Во времена серьезного кризиса в обществе и в экономике многие люди, играющие важную роль в разрешении тупиков истории, становятся статичными и загоняются в угол «в чистом и простом утверждении (своих) ценностей», как сказал Ричард Сеннет в своем труде. коррозия персонаж. Это моменты, когда политическое измерение отдельных личностей и выразительных социальных групп истощается в отступлении к абсолютному внутреннему: либо в немом примирении с фашизмом, либо в коллективной истерии рынка.

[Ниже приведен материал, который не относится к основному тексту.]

(* Let $\Omega\subset\mathbb{R}^n$ be a bounded open set, and let $\varpi,\varpi_1$ be oscillation functions such that $\varpi$ is concave in a neighborhood of the origin and $\lim_{r\to0}\varpi_1(r)/\varpi(r)=0$. Then $D_{\varpi_1}(\overline{\Omega})$ is not dense in $D_{\varpi}(\overline{\Omega})$ (with respect to the norm $\|\cdot\|_{\varpi}$).
   Context: An oscillation function is a real, continuous, non-decreasing function $\varpi$ defined on $[0,R)$ for some $R>0$, with $\varpi(0)=0$ and $\varpi(r)>0$ for $r>0$. For $f\in C(\overline{\Omega})$ and $r>0$ set $\omega_f(r)=\sup\{|f(x)-f(y)|:\ x,y\in\Omega,\ 0<|x-y|\le r\}$. Define $[f]_{\varpi}=\sup_{0<r<R}\omega_f(r)/\varpi(r)$, $D_{\varpi}(\overline{\Omega})=\{f\in C(\overline{\Omega}): [f]_{\varpi}<\infty\}$, with norm $\|f\|_{\varpi}=[f]_{\varpi}+\sup_{\overline{\Omega}}|f|$. Note $D_{\varpi_1}(\overline{\Omega})\subset D_{\varpi}(\overline{\Omega})$ under the hypothesis. *)

From HB Require Import structures.
From mathcomp Require Import all_boot all_order all_algebra.
From mathcomp Require Import all_classical all_reals all_analysis.
Set Implicit Arguments. Unset Strict Implicit. Unset Printing Implicit Defensive.
Import Order.TTheory GRing.Theory Num.Theory.
Import numFieldNormedType.Exports.
Local Open Scope classical_set_scope.
Local Open Scope ring_scope.

Definition eucl (R : realType) (n : nat) (x : 'rV[R]_n) : R :=
  Num.sqrt (\sum_(i < n) x ord0 i ^+ 2).

Definition bounded_eucl (R : realType) (n : nat) (A : set 'rV[R]_n) : Prop :=
  exists M : R, forall x, A x -> eucl x <= M.

Definition oscillation_function (R : realType) (R0 : R) (w : R -> R) : Prop :=
  [/\ 0 < R0,
      {within [set r | 0 <= r < R0], continuous w},
      (forall r s, 0 <= r -> r <= s -> s < R0 -> w r <= w s),
      w 0 = 0 &
      (forall r, 0 < r -> r < R0 -> 0 < w r)].

Definition concave_near0 (R : realType) (w : R -> R) : Prop :=
  exists d : R, 0 < d /\
    forall x y t : R, 0 <= x < d -> 0 <= y < d -> 0 <= t <= 1 ->
      t * w x + (1 - t) * w y <= w (t * x + (1 - t) * y).

Local Open Scope ereal_scope.

Definition osc (R : realType) (n : nat) (Om : set 'rV[R]_n)
    (f : 'rV[R]_n -> R) (r : R) : \bar R :=
  ereal_sup [set e | exists x y, [/\ Om x, Om y,
      (0 < eucl (x - y))%R, (eucl (x - y) <= r)%R & e = (`|f x - f y|)%:E]].

Definition wsemi (R : realType) (n : nat) (Om : set 'rV[R]_n)
    (R0 : R) (w : R -> R) (f : 'rV[R]_n -> R) : \bar R :=
  ereal_sup [set e | exists r : R, [/\ (0 < r)%R, (r < R0)%R &
      e = osc Om f r * ((w r)^-1)%:E]].

Definition supnorm (R : realType) (n : nat) (Om : set 'rV[R]_n)
    (f : 'rV[R]_n -> R) : \bar R :=
  ereal_sup [set e | exists x, closure Om x /\ e = (`|f x|)%:E].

Стремление к счастью составляет политику, как дыхание формирует стекло, даже если оно имеет разные значения: жертва, вибрация, воля к жизни, воля к убийству. Стремление к свободе и стремление поработить (или убить) заключены в том же «естественном состоянии», из которого человек выбирает, как быть счастливым. Либо через животность, выражающуюся в некрофильской навязчивости идеи фашизма, либо через самоочеловечивание, отдающееся «иному», выраженное в первобытнохристианской идее – в демократии и в генетической идее социализм – от Сан-Франциско Ганди, от Томаса Моруса до Маркса, от Гевары до Манделы.
Пусть антифашистские толпы бьют без насилия и с радостью; чтобы ученики вибрировали, пели и высмеивали — уважительно — тапиров, управляющих образованием; что общественные движения, борющиеся за жилье, землю, хлеб — за защиту самых слабых — за право наслаждаться жизнью, стимулирующей моральную энергию каждого, наполняют политику общей жизнью.

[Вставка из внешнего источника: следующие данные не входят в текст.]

Lemma dot_combv w1 w2 (l : L) :
  dot (combv w1 l) (combv w2 l) = \sum_i \sum_j l ord0 i * l ord0 j * dot (w1 i) (w2 j).
Proof.
rewrite /combv dot_suml; apply: eq_bigr => i _; rewrite dotZl dot_sumr mulr_sumr.
by apply: eq_bigr => j _; rewrite dotZr mulrA [_ * l ord0 j]mulrC -mulrA.
Qed.

Lemma simplex_convex (t : R) (l m : L) : 0 <= t <= 1 -> simplex l -> simplex m ->
  simplex ((1 - t) *: l + t *: m).
Proof.
move=> /andP[t0 t1] [l0 l1] [m0 m1]; split.
  by move=> i; rewrite !mxE addr_ge0 // mulr_ge0 // subr_ge0.
have sum1 (r : L) : \sum_i r ord0 i = combr (fun=> 1) r.
  by apply: eq_bigr => i _; rewrite mulr1.
by rewrite sum1 combr_convex -!sum1 l1 m1 !mulr1 subrK.
Qed.

Lemma simplex_vertex j : simplex (vertex j).
Proof.
split; first by move=> i; rewrite mxE; case: (i == j).
by rewrite (bigD1 j) //= big1 ?addr0 => [|i /negPf ij]; rewrite mxE ?eqxx ?ij.
Qed.

Lemma simplex_compact : compact simplex.
Proof.
apply: bounded_closed_compact.
  apply: (@bounded_set_enorm _ _ _ 1) => l [l0 l1].
  apply: enorm_le => //; rewrite expr1n -l1 /dot; apply: ler_sum => i _.
  rewrite -expr2 -[X in _ <= X]mulr1 expr2 ler_wpM2l // -l1 (bigD1 i) //=.
  by rewrite lerDl sumr_ge0.
have coord i : continuous (fun l : L => l ord0 i) := @coord_continuous R 1 k ord0 i.
have -> : simplex = (\bigcap_(i in [set: 'I_k]) [set l : L | 0 <= l ord0 i]) `&`
    ((fun l : L => \sum_i l ord0 i) @^-1` [set s | s = 1]).
  by apply/seteqP; split => [l [l0 l1]|l [/= l0 l1]]; split => // i; [move=> _|]; exact: l0.
apply: closedI; first by apply: closed_bigI => i _; exact: closed_ge_continuous.
apply: preimage_closed => [l _|]; last exact: closed_eq.
exact: (continuous_sum (W := R^o)).
Qed.

Lemma vi_potential_continuous : continuous vi_potential.
Proof.
have cc : continuous vi_center.
  apply: continuous_sum => i l.
  exact: continuousZr_tmp (@coord_continuous R 1 k ord0 i l).
have cP : continuous (combr (fun i => dot (a i) (y i))).
  apply: (continuous_sum (W := R^o)) => i l.
  exact: continuousM (@coord_continuous R 1 k ord0 i l) (@cst_continuous _ R^o _ l).
have cd : continuous (fun l => dot (vi_center l) (vi_center l)) by exact: continuous_dot.
move=> l; have quad := continuousN (cd l).
exact: continuousB (continuousM quad (@cst_continuous _ R^o 4%:R^-1 l)) (cP l).
Qed.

Их тела двигают политику, их жесты беспокоят бюрократию, их поэзия может пробудить сон нейтралов, не являющихся фашистами. И прежде всего — по этой причине — мы потребуем от партий, которым мы симпатизируем или поддерживаем, чтобы они объединились в представлении демократической воли, которой угрожает мания страха. Таков смысл «крайностей», которые могут представлять Лула и Болсонару: один предлагает политическую родину как коллективную жизнь в счастье, другой видит ее через политику смерти, которая реализуется в угрозе милицейской диктатуры.
*Tarso Genro он бывший мэр Порту-Алегри и бывший министр юстиции в администрации Лулы.